TASK ITEM ▸
Return the data below exactly, stopping after the line with "Between action events the ODE".

++++ RECORD EXTRACTS

(* If $\sigma_A\alpha_i-\sigma_S\mu_S>0$ for every individual $i$, then the system is in the full action state: for every $t_{start}\ge 0$, every individual acts infinitely (countably) many times after $t_{start}$.
   Context: Model: Fix an integer $n\ge 2$ (number of individuals) and parameters $\sigma_A,\sigma_S\ge 0$, $\sigma_C>0$, $\mu_S\in[0,1]$, $\mu_C>0$, $r>0$, $\tau\in(0,1)$, $\alpha_1,\dots,\alpha_n\in(-1,1)$. Individual $i$ has state $(x_i(t),y_i(t))$, $x_i\in(-1,1)$, $y_i\in[0,1]$, and $\gamma_i(t)=\frac{1}{n-1}\sum_{j\neq i}y_j(t)$. Between action events the state evolves by $\dot x_i=[\sigma_A\alpha_i+\sigma_S(\gamma_i-\mu_S)]\,\sigma_C(\gamma_i+\mu_C)(1-x_i)(1+x_i)$, $\dot y_i=-ry_i$. Individual $i$ ''acts'' at a time $t$ when $x_i(t)$ reaches the threshold $\tau$ (i.e. $x_i(t)\ge\tau$); immediately afterwards $x_i$ is reset to $0$ and $y_i$ is reset to $1$, and the continuous evolution resumes from the new state. Initial data satisfy $x_j(0)<\tau$, $y_j(0)=0$. *)

From Stdlib Require Import Reals List.
From Coquelicot Require Import Coquelicot.
Open Scope R_scope.

(* Individuals are indexed by i < n (i : nat).
   gamma_i(t) = 1/(n-1) * sum_{j <> i, j < n} y_j(t). *)
Definition gamma (n : nat) (y : nat -> R -> R) (i : nat) (t : R) : R :=
  / (INR n - 1) *
  sum_f_R0 (fun j => if Nat.eq_dec j i then 0 else y j t) (n - 1).

Definition xrate (n : nat) (sA sS sC muS muC : R) (alpha : nat -> R)
  (x y : nat -> R -> R) (i : nat) (t : R) : R :=
  (sA * alpha i + sS * (gamma n y i t - muS)) * sC * (gamma n y i t + muC)
  * (1 - x i t) * (1 + x i t).

(* A (hybrid) solution of the model on [0, +oo):
   x i, y i : the state of individual i; A i t : "individual i acts at time t".
   Between action events the ODE holds; x i stays strictly below the threshold
   tau and is continuous except at its own action times, where its left limit
   is tau (the threshold is reached) and the state is reset to (0,1).
   Action times are locally finite (no Zeno behaviour). *)
Definition is_solution (n : nat) (sA sS sC muS muC r tau : R) (alpha : nat -> R)
  (x y : nat -> R -> R) (A : nat -> R -> Prop) : Prop :=
  (forall i, (i < n)%nat -> -1 < x i 0 < tau /\ y i 0 = 0) /\
  (forall i t, (i < n)%nat -> A i t -> 0 < t) /\
  (forall i T, (i < n)%nat ->
     exists l : list R, forall t, 0 <= t <= T -> A i t -> In t l) /\
  (* the threshold is never exceeded: acting happens exactly upon reaching it *)
  (forall i t, (i < n)%nat -> 0 <= t -> x i t < tau) /\
  (forall i t, (i < n)%nat -> 0 <= t ->
     filterlim (x i) (at_right t) (locally (x i t)) /\
     filterlim (y i) (at_right t) (locally (y i t))) /\
  (forall i t, (i < n)%nat -> 0 < t -> ~ A i t ->
     continuous (x i) t /\ continuous (y i) t) /\
  (forall i t, (i < n)%nat -> A i t ->
     filterlim (x i) (at_left t) (locally tau) /\ x i t = 0 /\ y i t = 1) /\
  (forall t, 0 < t -> (forall j, (j < n)%nat -> ~ A j t) ->
     forall i, (i < n)%nat ->
       is_derive (x i) t (xrate n sA sS sC muS muC alpha x y i t) /\
       is_derive (y i) t (- r * y i t)).

From Stdlib Require Import Reals List Lra Lia Classical.
From Coquelicot Require Import Coquelicot.
Open Scope R_scope.

(* Suppose individual [i] acts only finitely often after [tstart], and let [s] be its last
   reset (or [0]). The [y j] decay from nonnegative values, so [gamma >= 0], and the rate of
   [x i] is at least [(sA alpha_i - sS muS) sC muC (1 - x i)(1 + x i)]. This is nonnegative,
   so [x i >= x i s > -1] after [s], and then bounded below by a positive constant while
   [x i < tau]; thus [x i] would exceed [tau] in finite time. The equations only hold off
   the action times of all individuals, a finite set on bounded intervals, which is why the
   monotonicity lemmas allow a finite exceptional set. *)

Lemma locally_ball_R (P : R -> Prop) (c : R) :
  locally c P -> exists d, 0 < d /\ forall u, Rabs (u - c) < d -> P u.
Proof. intros [e He]. exists e. split; [apply cond_pos | exact He]. Qed.

Lemma right_continuous_of_continuous (f : R -> R) (t : R) :
  continuous f t -> filterlim f (at_right t) (locally (f t)).
Proof. intros H. eapply filterlim_filter_le_1; [apply filter_le_within | exact H]. Qed.

Lemma continuous_clamp_left (f : R -> R) (a : R) :
  filterlim f (at_right a) (locally (f a)) -> continuous (fun t => f (Rmax a t)) a.
Proof.
  intros Hra. unfold continuous. rewrite Rmax_left by lra.
  apply filterlim_locally. intros eps.
  destruct (proj1 (filterlim_locally f (f a)) Hra eps) as [d Hd].
  exists d. intros t Ht. destruct (Rlt_dec a t) as [Hat | Hat].
  - rewrite Rmax_right by lra. now apply Hd.
  - rewrite Rmax_left by lra. apply ball_center.
Qed.
(* Let $k$ be a perfect field of characteristic $p>0$, $P$ a finite poset, $R=\mathcal{R}_k[J(P)]$ the Hibi ring and $\mathfrak{m}=R_+$. Let $\overline{P}=P\cup\{-\infty,\infty\}$ and let $\Sigma$ be the set of functions $\psi:\overline{P}\to\mathbb{R}$ such that $\psi(\infty)=0$ and $0\le\psi(x)-\psi(y)\le1$ whenever $x\lessdot y$ in $\overline{P}$. Then \[ \operatorname{fpt}(\mathfrak{m})=\max\{\psi(-\infty)\mid\psi\in\Sigma\}. \]
   Context: $J(P)$ is the set of poset ideals of $P=\{p_1,\dots,p_N\}$ (down-closed subsets, including $\emptyset$ and $P$). The Hibi ring is $\mathcal{R}_k[J(P)]=k[\,T\prod_{p_i\in I}X_i\mid I\in J(P)\,]\subseteq k[T,X_1,\dots,X_N]$, each generator in degree $1$; $\mathfrak{m}=R_+$ is generated by these generators. In $\overline{P}$, $-\infty<x<\infty$ for all $x\in P$; $x\lessdot y$ means $x<y$ with no $z$ satisfying $x<z<y$. For a real $t\ge0$, the pair $(R,\mathfrak{m}^t)$ is $F$-pure if for all large $q=p^e$ there is $d\in\mathfrak{m}^{\lceil t(q-1)\rceil}$ such that the $R$-linear map $R\to R^{1/q}$, $1\mapsto d^{1/q}$, splits; $\operatorname{fpt}(\mathfrak{m})=\sup\{t\ge0\mid(R,\mathfrak{m}^t)\text{ is }F\text{-pure}\}$. *)

From HB Require Import structures.
From mathcomp Require Import all_boot all_order all_algebra.
From mathcomp Require Import reals.
From mathcomp Require Import mpoly.

Set Implicit Arguments.
Unset Strict Implicit.
Unset Printing Implicit Defensive.

Import Order.TTheory GRing.Theory Num.Theory.
Local Open Scope ring_scope.

Definition perfect_field (k : fieldType) (p : nat) : Prop :=
  forall x : k, exists y : k, y ^+ p = x.

Section Hibi.
Variables (k : fieldType) (disp : Order.disp_t) (P : finPOrderType disp).

(* The ambient polynomial ring k[T, X_x (x in P)]: variable 0 is T,
   variable (lift 0 (enum_rank x)) is X_x. *)
Definition nvars := #|P|.+1.
Definition polyR := {mpoly k[nvars]}.
Definition varT : 'I_nvars := ord0.
Definition varX (x : P) : 'I_nvars := lift ord0 (enum_rank x).

Definition poset_ideal (I : {set P}) : Prop :=
  forall x y : P, (y <= x)%O -> x \in I -> y \in I.

Definition hibi_gen (I : {set P}) : polyR :=
  'X_varT * \prod_(x in I) 'X_(varX x).

Inductive inHibi : polyR -> Prop :=
| Hibi_gen I : poset_ideal I -> inHibi (hibi_gen I)
| Hibi_const (c : k) : inHibi c%:MP
| Hibi_add f g : inHibi f -> inHibi g -> inHibi (f + g)
| Hibi_mul f g : inHibi f -> inHibi g -> inHibi (f * g).

Inductive inM : polyR -> Prop :=
| M_gen r I : inHibi r -> poset_ideal I -> inM (r * hibi_gen I)
| M_add f g : inM f -> inM g -> inM (f + g).

Inductive inMpow : nat -> polyR -> Prop :=
| Mpow0 f : inHibi f -> inMpow 0 f
| MpowS n a b : inMpow n a -> inM b -> inMpow n.+1 (a * b)
| Mpow_add n f g : inMpow n f -> inMpow n g -> inMpow n (f + g).

(* The R-linear map R -> R^{1/q}, 1 |-> d^{1/q} splits.  Identifying R^{1/q}
   with R via s^{1/q} <-> s (so that r . s^{1/q} = (r^q s)^{1/q}), a splitting
   is an R-linear phi : R^{1/q} -> R with phi(d^{1/q}) = 1. *)
Definition frob_splits (q : nat) (d : polyR) : Prop :=
  exists phi : polyR -> polyR,
    [/\ forall s, inHibi s -> inHibi (phi s),
        forall s1 s2, inHibi s1 -> inHibi s2 -> phi (s1 + s2) = phi s1 + phi s2,
        forall r s, inHibi r -> inHibi s -> phi (r ^+ q * s) = r * phi s
      & phi d = 1].

Definition Fpure_pair (R : realType) (p : nat) (t : R) : Prop :=
  exists e0 : nat, forall e : nat, (e0 <= e)%N ->
    exists d : polyR,
      inMpow `|Num.ceil (t * ((p ^ e).-1)%:R)|%N d /\ frob_splits (p ^ e) d.

Definition is_fpt (R : realType) (p : nat) (c : R) : Prop :=
  (forall t : R, 0 <= t -> Fpure_pair p t -> t <= c) /\
  (forall b : R, (forall t : R, 0 <= t -> Fpure_pair p t -> t <= b) -> c <= b).

End Hibi.

Inductive pbar (T : Type) : Type :=
| PBot : pbar T
| PElt : T -> pbar T
| PTop : pbar T.
Arguments PBot {T}.
Arguments PTop {T}.

Section Pbar.
Variables (disp : Order.disp_t) (P : finPOrderType disp).

Definition pbar_lt (a b : pbar P) : Prop :=
  match a, b with
  | PBot, PBot => False
  | PBot, _ => True
  | PElt x, PElt y => (x < y)%O
  | PElt _, PTop => True
  | _, _ => False
  end.

Definition pbar_covers (a b : pbar P) : Prop :=
  pbar_lt a b /\ forall c, ~ (pbar_lt a c /\ pbar_lt c b).

Definition in_Sigma (R : realType) (psi : pbar P -> R) : Prop :=
  psi PTop = 0 /\
  forall a b, pbar_covers a b -> 0 <= psi a - psi b /\ psi a - psi b <= 1.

++++++++

RESPONSE ▸
(* If $\sigma_A\alpha_i-\sigma_S\mu_S>0$ for every individual $i$, then the system is in the full action state: for every $t_{start}\ge 0$, every individual acts infinitely (countably) many times after $t_{start}$.
   Context: Model: Fix an integer $n\ge 2$ (number of individuals) and parameters $\sigma_A,\sigma_S\ge 0$, $\sigma_C>0$, $\mu_S\in[0,1]$, $\mu_C>0$, $r>0$, $\tau\in(0,1)$, $\alpha_1,\dots,\alpha_n\in(-1,1)$. Individual $i$ has state $(x_i(t),y_i(t))$, $x_i\in(-1,1)$, $y_i\in[0,1]$, and $\gamma_i(t)=\frac{1}{n-1}\sum_{j\neq i}y_j(t)$. Between action events the state evolves by $\dot x_i=[\sigma_A\alpha_i+\sigma_S(\gamma_i-\mu_S)]\,\sigma_C(\gamma_i+\mu_C)(1-x_i)(1+x_i)$, $\dot y_i=-ry_i$. Individual $i$ ''acts'' at a time $t$ when $x_i(t)$ reaches the threshold $\tau$ (i.e. $x_i(t)\ge\tau$); immediately afterwards $x_i$ is reset to $0$ and $y_i$ is reset to $1$, and the continuous evolution resumes from the new state. Initial data satisfy $x_j(0)<\tau$, $y_j(0)=0$. *)

From Stdlib Require Import Reals List.
From Coquelicot Require Import Coquelicot.
Open Scope R_scope.

(* Individuals are indexed by i < n (i : nat).
   gamma_i(t) = 1/(n-1) * sum_{j <> i, j < n} y_j(t). *)
Definition gamma (n : nat) (y : nat -> R -> R) (i : nat) (t : R) : R :=
  / (INR n - 1) *
  sum_f_R0 (fun j => if Nat.eq_dec j i then 0 else y j t) (n - 1).

Definition xrate (n : nat) (sA sS sC muS muC : R) (alpha : nat -> R)
  (x y : nat -> R -> R) (i : nat) (t : R) : R :=
  (sA * alpha i + sS * (gamma n y i t - muS)) * sC * (gamma n y i t + muC)
  * (1 - x i t) * (1 + x i t).

(* A (hybrid) solution of the model on [0, +oo):
   x i, y i : the state of individual i; A i t : "individual i acts at time t".
   Between action events the ODE holds; x i stays strictly below the threshold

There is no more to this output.